I want - first of all - to recommend the book. If I recall correctly, I am so
far only one who confessed on net.physics to the heresy of neorealism and  so
by this 'endorsement' I want to say that the 'minority view' is fairly presentedin the book (while apparently not professed by the  author). 

A short biased comment on the merit of the three interpretations: All three
appear to have problems: c) requires FTL interactions which are unobserved. 
I want to stress: so far not observed directly. Compare that with ortho-
dox views a) and b) which are inherently non-local and so include "actions"
which are instant distant and un-observable. They may appear less offensive
as they seem to be more ghostlike, less real..
        - a collapsing psi? So what? What is psi anyway..

 Herbert treats well the issue of 'perturbation by measurement' as underlying
cause of quantum phenomena.

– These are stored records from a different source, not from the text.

Lemma a_coef_rec (R : realFieldType) m n K p q t :
  (q <= n)%N -> (K.+1 <= n - q)%N -> (t < K.+1)%N ->
  2 * t.+1%:R * a_coef R m n K.+1 p q t.+1 - 2 * (K.+1 - t)%:R * a_coef R m n K.+1 p q t
  = 2 * K.+1%:R * ((m%:R - 2 * n%:R) / 2 + p%:R + q%:R + K.+1%:R - 1)
    * a_coef R m n K p.+1 q.+1 t.
Proof.
move=> hq hK ht; rewrite /a_coef big_ord_recr /=.
set P := \prod_(i < t) _.
have -> : \prod_(r < t) (m%:R / 2 + p.+1%:R + K%:R - 1 - r%:R) = P :> R.
  by apply: eq_bigr => r _; rewrite -!natr1; ring.
have -> : (n - q.+1 - t = n - q - t.+1)%N by lia.
have -> : (n - q.+1 - K = n - q - K.+1)%N by lia.
have -> : (n - q - t = (n - q - t.+1).+1)%N by lia.
rewrite factS natrM.
have free_vars : ((n - q - t.+1).+1%:R : R) = n%:R - q%:R - t%:R.
  have e : ((n - q - t.+1).+1 + q + t = n)%N by lia.
  by rewrite -[in RHS]e !natrD; ring.
have bin_up : (t.+1%:R * 'C(K.+1, t.+1)%:R : R) = K.+1%:R * 'C(K, t)%:R.
  by rewrite -!natrM -mul_bin_diag.
have bin_down : ((K.+1 - t)%:R * 'C(K.+1, t)%:R : R) = K.+1%:R * 'C(K, t)%:R.
  by rewrite -!natrM -mul_bin_down.
set F := (n - q - t.+1)`!%:R; set Z := (n - q - K.+1)`!%:R.
transitivity (2 * (t.+1%:R * 'C(K.+1, t.+1)%:R) * (F / Z) * P
    * (m%:R / 2 + p%:R + K.+1%:R - 1 - t%:R)
  - 2 * ((K.+1 - t)%:R * 'C(K.+1, t)%:R) * (n - q - t.+1).+1%:R * (F / Z) * P).
  by ring.
rewrite bin_up bin_down free_vars -!natr1; field.
by rewrite pnatr_eq0 -lt0n fact_gt0.
Qed.

(* Collecting, in sum_s c_s (2s H_{K+1-s,s-1} - 2(K+1-s) H_{K-s,s}), the
   coefficient of each H_{K-t,t}; the boundary terms s = 0 and s = K+1 have a
   vanishing factor. *)
Lemma sum_lowering_reindex (R : comPzRingType) (K : nat) (c : nat -> R)
    (H : nat -> nat -> R) :
  \sum_(s < K.+2) c s * (2 * s%:R * H (K.+1 - s)%N s.-1
                         - 2 * (K.+1 - s)%:R * H (K.+1 - s)%N.-1 s)
  = \sum_(t < K.+1) (2 * t.+1%:R * c t.+1 - 2 * (K.+1 - t)%:R * c t) * H (K - t)%N t.
Proof.
pose G t := H (K - t)%N t.
transitivity (\sum_(s < K.+2) (c s * (2 * s%:R) * G s.-1)
              - \sum_(s < K.+2) (c s * (2 * (K.+1 - s)%:R) * G s)).
  rewrite -sumrB; apply: eq_bigr => -[[|s] hs] _ /=; rewrite /G.
    by rewrite !subn0 !(mulr0, mul0r); ring.
  by rewrite subSS subnS; ring.
rewrite [X in X - _]big_ord_recl [X in _ - X]big_ord_recr /=.
rewrite subnn !(mulr0, mul0r) add0r addr0 -sumrB.
by apply: eq_bigr => t _; rewrite /bump add1n add0n /G; ring.
Qed.

Theorem lemma6p2 (R : realFieldType) (m n p q k : nat) (i : 'I_m) (j : 'I_n) :
  (1 <= m)%N -> (q <= n)%N -> (1 <= k)%N -> (k <= n - q)%N ->
  Lop i j (@fkpq R m n k p q) =
  (fun a S =>
     2 * k%:R * ((m%:R - 2 * n%:R) / 2 + p%:R + q%:R + k%:R - 1) *
     mulo_r (oi j false) (mulx i (@fkpq R m n (k - 1) p.+1 q.+1)) a S).
Proof.
move=> _ hq; case: k => [//|K] _ hK; rewrite subn1 /=.
have even_rhs : sp_even (mulx i (fkpq R (n := n) K p.+1 q.+1)).
  by apply: even_mulx; rewrite fkpq_monomials; apply: even_comb => t; apply: even_monomial.
rewrite mulo_r_even // !fkpq_monomials Lop_lin (mulx_lin _) (mulo_lin _).
apply: sp_ext => A S; under eq_bigr do rewrite Lop_monomial.
rewrite (sum_lowering_reindex K (a_coef R m n K.+1 p q)
  (fun a s => mulo (oi j false) (mulx i (monomial R a s)) A S)) mulr_sumr; apply: eq_bigr => t _.
by rewrite a_coef_rec // [RHS]mulrA.
Qed.
(* Let the setting, algorithm and notation be as described in the context. Assume $\tau\in(0,(1+\sqrt5)/2)$ and that for some $\alpha\in(\tau/\min(1+\tau,1+\tau^{-1}),1]$, \[ \widehat\Sigma_f+S\succeq0,\quad H_f\succeq0,\quad \tfrac12\widehat\Sigma_g+T\succeq0,\quad M_g\succ0 . \] For $k\ge1$ let $\hat x^k:=\frac1k\sum_{i=1}^k x^{i+1}$, $\hat y^k:=\frac1k\sum_{i=1}^k y^{i+1}$, $\hat z^k:=\frac1k\sum_{i=1}^k\tilde z^{i+1}$. Then for every $k\ge1$ and every $(x,y,z)\in\mathcal X\times\mathcal Y\times\mathcal Z$, \[ \big(p(\hat x^k)+q(\hat y^k)\big)-\big(p(x)+q(y)\big)+\langle\hat x^k-x,\nabla f(x)+Az\rangle+\langle\hat y^k-y,\nabla g(y)+Bz\rangle+\langle\hat z^k-z,-(A^*x+B^*y-c)\rangle\le\frac{\phi_1(x,y,z)+\big(1-\alpha\min(\tau,\tau^{-1})\big)\sigma\|r^1\|^2+\alpha\xi_1}{2k}. \]
   Context: Let $\mathcal X,\mathcal Y,\mathcal Z$ be finite-dimensional real Euclidean spaces with inner products $\langle\cdot,\cdot\rangle$ and induced norms $\|\cdot\|$. Let $p:\mathcal X\to(-\infty,+\infty]$ and $q:\mathcal Y\to(-\infty,+\infty]$ be closed proper convex functions, and let $f:\mathcal X\to\mathbb R$, $g:\mathcal Y\to\mathbb R$ be convex differentiable functions with Lipschitz continuous gradients. Let $A:\mathcal Z\to\mathcal X$, $B:\mathcal Z\to\mathcal Y$ be linear maps with adjoints $A^*,B^*$, and $c\in\mathcal Z$. Let $\Sigma_f,\widehat\Sigma_f$ (on $\mathcal X$) and $\Sigma_g,\widehat\Sigma_g$ (on $\mathcal Y$) be self-adjoint positive semidefinite linear operators with $\widehat\Sigma_f\succeq\Sigma_f$, $\widehat\Sigma_g\succeq\Sigma_g$, such that for all $x,x'\in\mathcal X$, $y,y'\in\mathcal Y$: $f(x')+\langle x-x',\nabla f(x')\rangle+\frac12\|x-x'\|^2_{\Sigma_f}\le f(x)\le f(x')+\langle x-x',\nabla f(x')\rangle+\frac12\|x-x'\|^2_{\widehat\Sigma_f}$ and the analogous two inequalities for $g$ with $\Sigma_g,\widehat\Sigma_g$. For a self-adjoint (possibly indefinite) operator $G$, $\|u\|_G^2:=\langle u,Gu\rangle$. Algorithm (Majorized iPADMM): let $\sigma>0$, $\tau>0$, and let $S:\mathcal X\to\mathcal X$, $T:\mathcal Y\to\mathcal Y$ be self-adjoint, possibly indefinite, linear operators with $\widehat\Sigma_f+S+\sigma AA^*\succeq0$ and $\widehat\Sigma_g+T+\sigma BB^*\succeq0$. Starting from $(x^0,y^0,z^0)\in\mathrm{dom}(p)\times\mathrm{dom}(q)\times\mathcal Z$, for $k=0,1,\dots$: $x^{k+1}\in\arg\min_{x}\{p(x)+\langle\nabla f(x^k),x\rangle+\frac12\|x-x^k\|^2_{\widehat\Sigma_f+S}+\langle z^k,A^*x\rangle+\frac\sigma2\|A^*x+B^*y^k-c\|^2\}$, $y^{k+1}\in\arg\min_{y}\{q(y)+\langle\nabla g(y^k),y\rangle+\frac12\|y-y^k\|^2_{\widehat\Sigma_g+T}+\langle z^k,B^*y\rangle+\frac\sigma2\|A^*x^{k+1}+B^*y-c\|^2\}$, $z^{k+1}=z^k+\tau\sigma(A^*x^{k+1}+B^*y^{k+1}-c)$ (the minimizers are assumed to exist). Notation: $r^k:=A^*x^k+B^*y^k-c$, $\tilde z^{k+1}:=z^k+\sigma r^{k+1}$; for $\alpha\in(0,1]$, $H_f:=\frac12\Sigma_f+S+\frac12(1-\alpha)\sigma AA^*$ and $M_g:=\frac12\Sigma_g+T+\min(\tau,1+\tau-\tau^2)\alpha\sigma BB^*$; $\phi_1(x,y,z):=(\tau\sigma)^{-1}\|z^1-z\|^2+\|x^1-x\|^2_{\widehat\Sigma_f+S}+\|y^1-y\|^2_{\widehat\Sigma_g+T}+\sigma\|A^*x+B^*y^1-c\|^2$; $\xi_1:=\|y^1-y^0\|^2_{\widehat\Sigma_g+T}$. *)

(* finite-dimensional real Euclidean spaces are modelled as
   column vectors 'cV[R]_n with the standard inner product; linear maps as
   matrices (adjoint = transpose); extended-valued functions take values in
   \bar R (mathcomp-analysis constructive_ereal). *)
From HB Require Import structures.
From mathcomp Require Import all_boot all_order all_algebra.
From mathcomp Require Import reals constructive_ereal.
Set Implicit Arguments. Unset Strict Implicit. Unset Printing Implicit Defensive.
Import Order.TTheory GRing.Theory Num.Theory.
Local Open Scope ring_scope.

Definition dotv (R : realType) n (u v : 'cV[R]_n) : R :=
  \sum_(i < n) u i ord0 * v i ord0.
Definition enorm (R : realType) n (u : 'cV[R]_n) : R := Num.sqrt (dotv u u).
(* ||u||_G^2 := <u, G u> *)
Definition qnorm (R : realType) n (G : 'M[R]_n) (u : 'cV[R]_n) : R :=
  dotv u (G *m u).

Definition self_adjoint (R : realType) n (G : 'M[R]_n) : Prop := G^T = G.
Definition psd (R : realType) n (G : 'M[R]_n) : Prop :=
  forall u : 'cV[R]_n, 0 <= qnorm G u.
Definition pd (R : realType) n (G : 'M[R]_n) : Prop :=
  forall u : 'cV[R]_n, u != 0 -> 0 < qnorm G u.

Definition eproper (R : realType) n (p : 'cV[R]_n -> \bar R) : Prop :=
  (forall x, p x != -oo%E) /\ (exists x, p x != +oo%E).
Definition econvex (R : realType) n (p : 'cV[R]_n -> \bar R) : Prop :=
  forall x y : 'cV[R]_n, (p x < +oo)%E -> (p y < +oo)%E ->
  forall t : R, 0 <= t <= 1 ->
  (p (t *: x + (1 - t) *: y)%R <= t%:E * p x + (1 - t)%:E * p y)%E.
(* closed = lower semicontinuous *)
Definition elsc (R : realType) n (p : 'cV[R]_n -> \bar R) : Prop :=
  forall (x : 'cV[R]_n) (a : R), (a%:E < p x)%E ->
  exists2 d : R, 0 < d & forall u, enorm (u - x) < d -> (a%:E < p u)%E.
Definition closed_proper_convex (R : realType) n (p : 'cV[R]_n -> \bar R) :=
  [/\ eproper p, econvex p & elsc p].
Lemma lsc_coercive_min_on phi S : lsc phi -> coercive phi -> eclosed S ->
  (exists2 x0, S x0 & (phi x0 < +oo)%E) ->
  exists2 ys, S ys & forall y, S y -> (phi ys <= phi y)%E.
Proof.
move=> hphi [c c0 [C hC]] hS [x0 Sx0 hx0].
pose psi y := if `[< S y >] then phi y else +oo%E.
have psiS y : S y -> psi y = phi y by rewrite /psi; case: asboolP.
have [|||ys hys] := @lsc_coercive_min psi; first exact: (lsc_restrict hphi hS).
- exists c => //; exists C => y; rewrite /psi; case: asboolP => _ //; exact: leey.
- by exists x0; rewrite psiS.
have Sys : S ys.
  apply: contrapT => nS; have := hys x0; rewrite (psiS x0 Sx0) /psi.
  by case: asboolP => [/nS []|_]; rewrite leye_eq => /eqP h; move: hx0; rewrite h.
by exists ys => // y Sy; rewrite -(psiS ys Sys) -(psiS y Sy).
Qed.

Lemma eclosed_convex_projection S x : eclosed S -> convex_set S -> S !=set0 ->
  exists2 p, S p & forall q, S q -> dotp (x - p) (q - p) <= 0.
Proof.
move=> Scl Scvx [q0 Sq0].
have [||||p Sp hp] := @lsc_coercive_min_on (fun y => (sqn (y - x))%:E) S.
- exact/lsc_EFin/econtinuous_sqnB.
- exists (1 / 2); first lra.
  exists (sqn x) => y; rewrite lee_fin sqnB.
  have := dotp_young y (- x) (ltac:(lra) : 0 < 1 / 4).
  have -> : sqn (- x) / (4 * (1 / 4)) = sqn x by rewrite sqnN; field.
  by rewrite dotpNr (dotpC y x); lra.
- exact: Scl.
- by exists q0 => //; rewrite ltry.
exists p => // q Sq.
apply: (@le0_of_le_scale _ _ (sqn (q - p) / 2)) => t t0 t1.
have := hp (t *: q + (1 - t) *: p) (Scvx q p t Sq Sp (ltac:(by rewrite t1 ltW))).
have -> : t *: q + (1 - t) *: p - x = (p - x) + t *: (q - p).
  by apply/rowP => i; rewrite !mxE; ring.
rewrite /= lee_fin (sqnD (p - x)) sqnZ dotpZr -opprB dotpNl; nra.
Qed.

End LowerSemicontinuity.

Section Subgradients.
Variables (R : realType) (n : nat).
Local Notation V := 'rV[R]_n.
Implicit Types (phi : V -> \bar R) (x v : V).

Definition subgrad phi x v := forall y, (phi x + (dotp v (y - x))%:E <= phi y)%E.

Lemma fin_num_dom phi x : phi x \is a fin_num -> dom phi x.
Proof. by rewrite fin_numElt => /andP [_]. Qed.

(* Compare phi on the segment [x, y] near x, where the Frechet inequality holds,
   with the chord. *)
Lemma convex_frechet_subgrad phi x v :
  convex_fun phi -> (forall y, phi y != -oo%E) -> frechet_subdiff phi x v ->
  subgrad phi x v.
Proof.
move=> cphi ninf [xfin hfr] y.
have := ninf y; case Ey: (phi y) => [b| |] // _; last by rewrite leey.
rewrite -(fineK xfin) -EFinD lee_fin; set a := fine (phi x).
set e := enorm (y - x); have e0 : 0 <= e by apply: enorm_ge0.
apply/ler_addgt0Pr => eta eta0; have e1 : 0 < e + 1 by lra.
set eps := eta / (e + 1); have eps0 : 0 < eps by rewrite divr_gt0.
have epse : eps * e <= eta.
  by rewrite /eps mulrAC ler_pdivrMr // ler_wpM2l ?(ltW eta0) //; lra.
have [d d0 hd] := hfr eps eps0.
set t := d / (d + e); have de : 0 < d + e by lra.
have t0 : 0 < t by rewrite divr_gt0.
have t1 : t <= 1 by rewrite ler_pdivrMr // mul1r; lra.
have te : t * e < d.
  have dd : 0 < d * d by rewrite mulr_gt0.
  by rewrite /t mulrAC ltr_pdivrMr //; nra.
set z := t *: y + (1 - t) *: x.
have zx : z - x = t *: (y - x).
  by rewrite /z scalerBr scalerBl scale1r addrA (addrAC _ x) addrK.
have ez : enorm (z - x) = t * e by rewrite zx enormZ ger0_norm // ltW.
have h1 := hd z (ltac:(by rewrite ez)); rewrite ez zx dotpZr -/a in h1.
have h2 : (phi z <= t%:E * phi y + (1 - t)%:E * phi x)%E.
  apply: cphi; last by rewrite t1 ltW.
    by rewrite /dom /= Ey ltry.
  by rewrite /dom /= -(fineK xfin) ltry.
rewrite Ey -(fineK xfin) -!EFinM -EFinD -/a in h2.
have := le_trans h1 h2; rewrite lee_fin => h3.
have : t * (a + dotp v (y - x) - eps * e) <= t * b by lra.
by rewrite ler_pM2l //; lra.
Qed.

Lemma subgrad_limit phi (xs vs : nat -> V) x v :
  (forall k, phi (xs k) \is a fin_num /\ subgrad phi (xs k) (vs k)) ->
  vcvg xs x -> vcvg vs v -> rcvg (fun k => fine (phi (xs k))) (fine (phi x)) ->
  phi x \is a fin_num -> subgrad phi x v.
Proof.
move=> hk cx cv cphi xfin y.
have [fin0 h0] := hk 0%N.
have := h0 y; rewrite -(fineK fin0) -EFinD.
case Ey: (phi y) => [b| |] // _; last by rewrite leey.
rewrite -(fineK xfin) -EFinD lee_fin.
have -> : fine (phi x) + dotp v (y - x) = fine (phi x) + (dotp v y + (-1) * dotp v x).
  by rewrite dotpBr mulN1r.
apply: (le_rcvg (a := fun k =>
  fine (phi (xs k)) + (dotp (vs k) y + (-1) * dotp (vs k) (xs k)))).
  apply: rcvgD => //; apply: rcvgD; last exact/rcvgMl/rcvg_dotp.
  exact/rcvg_dotp/vcvg_cst.
move=> k; have [fk hk'] := hk k.
by have := hk' y; rewrite -(fineK fk) -EFinD Ey lee_fin dotpBr mulN1r.
Qed.

Lemma convex_lim_subgrad phi x v :
  convex_fun phi -> (forall y, phi y != -oo%E) -> lim_subdiff phi x v -> subgrad phi x v.
Proof.
move=> cphi ninf [xfin [xs [vs [cx [cf [fr cv]]]]]].
apply: (subgrad_limit (xs := xs) (vs := vs)) => // k.
by split; [case: (fr k)|exact: convex_frechet_subgrad].
Qed.

Lemma subgrad_frechet phi x v :
  phi x \is a fin_num -> subgrad phi x v -> frechet_subdiff phi x v.
Proof.
move=> xfin h; split => // eps eps0; exists 1 => // y _.
apply: le_trans (h y); rewrite -{2}(fineK xfin) -EFinD lee_fin.
by have := enorm_ge0 (y - x); nra.
Qed.

Lemma frechet_lim_subdiff phi x v : frechet_subdiff phi x v -> lim_subdiff phi x v.
Proof.
move=> hf; split; first by case: hf.
exists (fun _ => x), (fun _ => v); do !split => //.
- exact: vcvg_cst.
- exact: rcvg_cst.
- exact: vcvg_cst.
Qed.

End Subgradients.

Section ConvexHullFunction.
Variables (R : realType) (n : nat) (phi : 'rV[R]_n -> \bar R).
Local Notation V := 'rV[R]_n.
Hypothesis phi_ninf : forall y, phi y != -oo%E.

Definition wsum m (w : 'I_m -> R) (p : 'I_m -> V) :=
  (\sum_(i < m) (w i)%:E * phi (p i))%E.

Lemma wterm_neq_ninf (w : R) y : 0 <= w -> (w%:E * phi y)%E != -oo%E.
Proof.
move=> w0; have := phi_ninf y; case: (phi y) => [r| |] //= _.
rewrite mulry; have [->|wn0] := eqVneq w 0; first by rewrite sgr0 mul0e.
by rewrite gtr0_sg ?mul1e // lt_def wn0 w0.
Qed.

Lemma wtermE (w : R) y : (w != 0 -> dom phi y) -> (w%:E * phi y)%E = (w * fine (phi y))%:E.
Proof.
have [->|wn0 /(_ isT)] := eqVneq w 0; first by rewrite mul0e mul0r.
by rewrite /dom /=; have := phi_ninf y; case: (phi y).
Qed.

This is a halftruth and cliche propagated by most
if not all textbooks. One of the results EPR achieved was to discredit that.
 If you are still captive of that essentialy classic paradigm read page 110:
 " Heisenberg principle follows from .. and has nothing to do with the 
   'unavoidable disturbance of the system by measurement'."

  Also valuable is discussion on pp150-152: Is it measurement (by conscious
  observer?) or is it just an natural process (of amplification?) which is
  responsible for 'collapses' and how to 'revive a dead Shrodinger cat' by
 performing a conjugate measurement. (This is the 'irreversibility connection'
 of the QM Measurement problem upon which we have touched lightly in the past).

   The book is written for a layman, assumes nothing, and so by necessity 
 contains (still another) non-mathematical exposure of QM. There are occasional
 weaknesses - e.g. on page 35 statement : " Planck's assumption (of E=n*h*f)
 was not justified by any physical reasoning.." is most unfair. However, the
 book goes further then other exposures in explaining Bell theorem and EPR
 arguments (BEPRA?) - which 
 
  as >I hope we all know< are the crucible from which the Phoenix of the new
 theory will arise...

                     and so provides an valuable contribution. Dont miss it.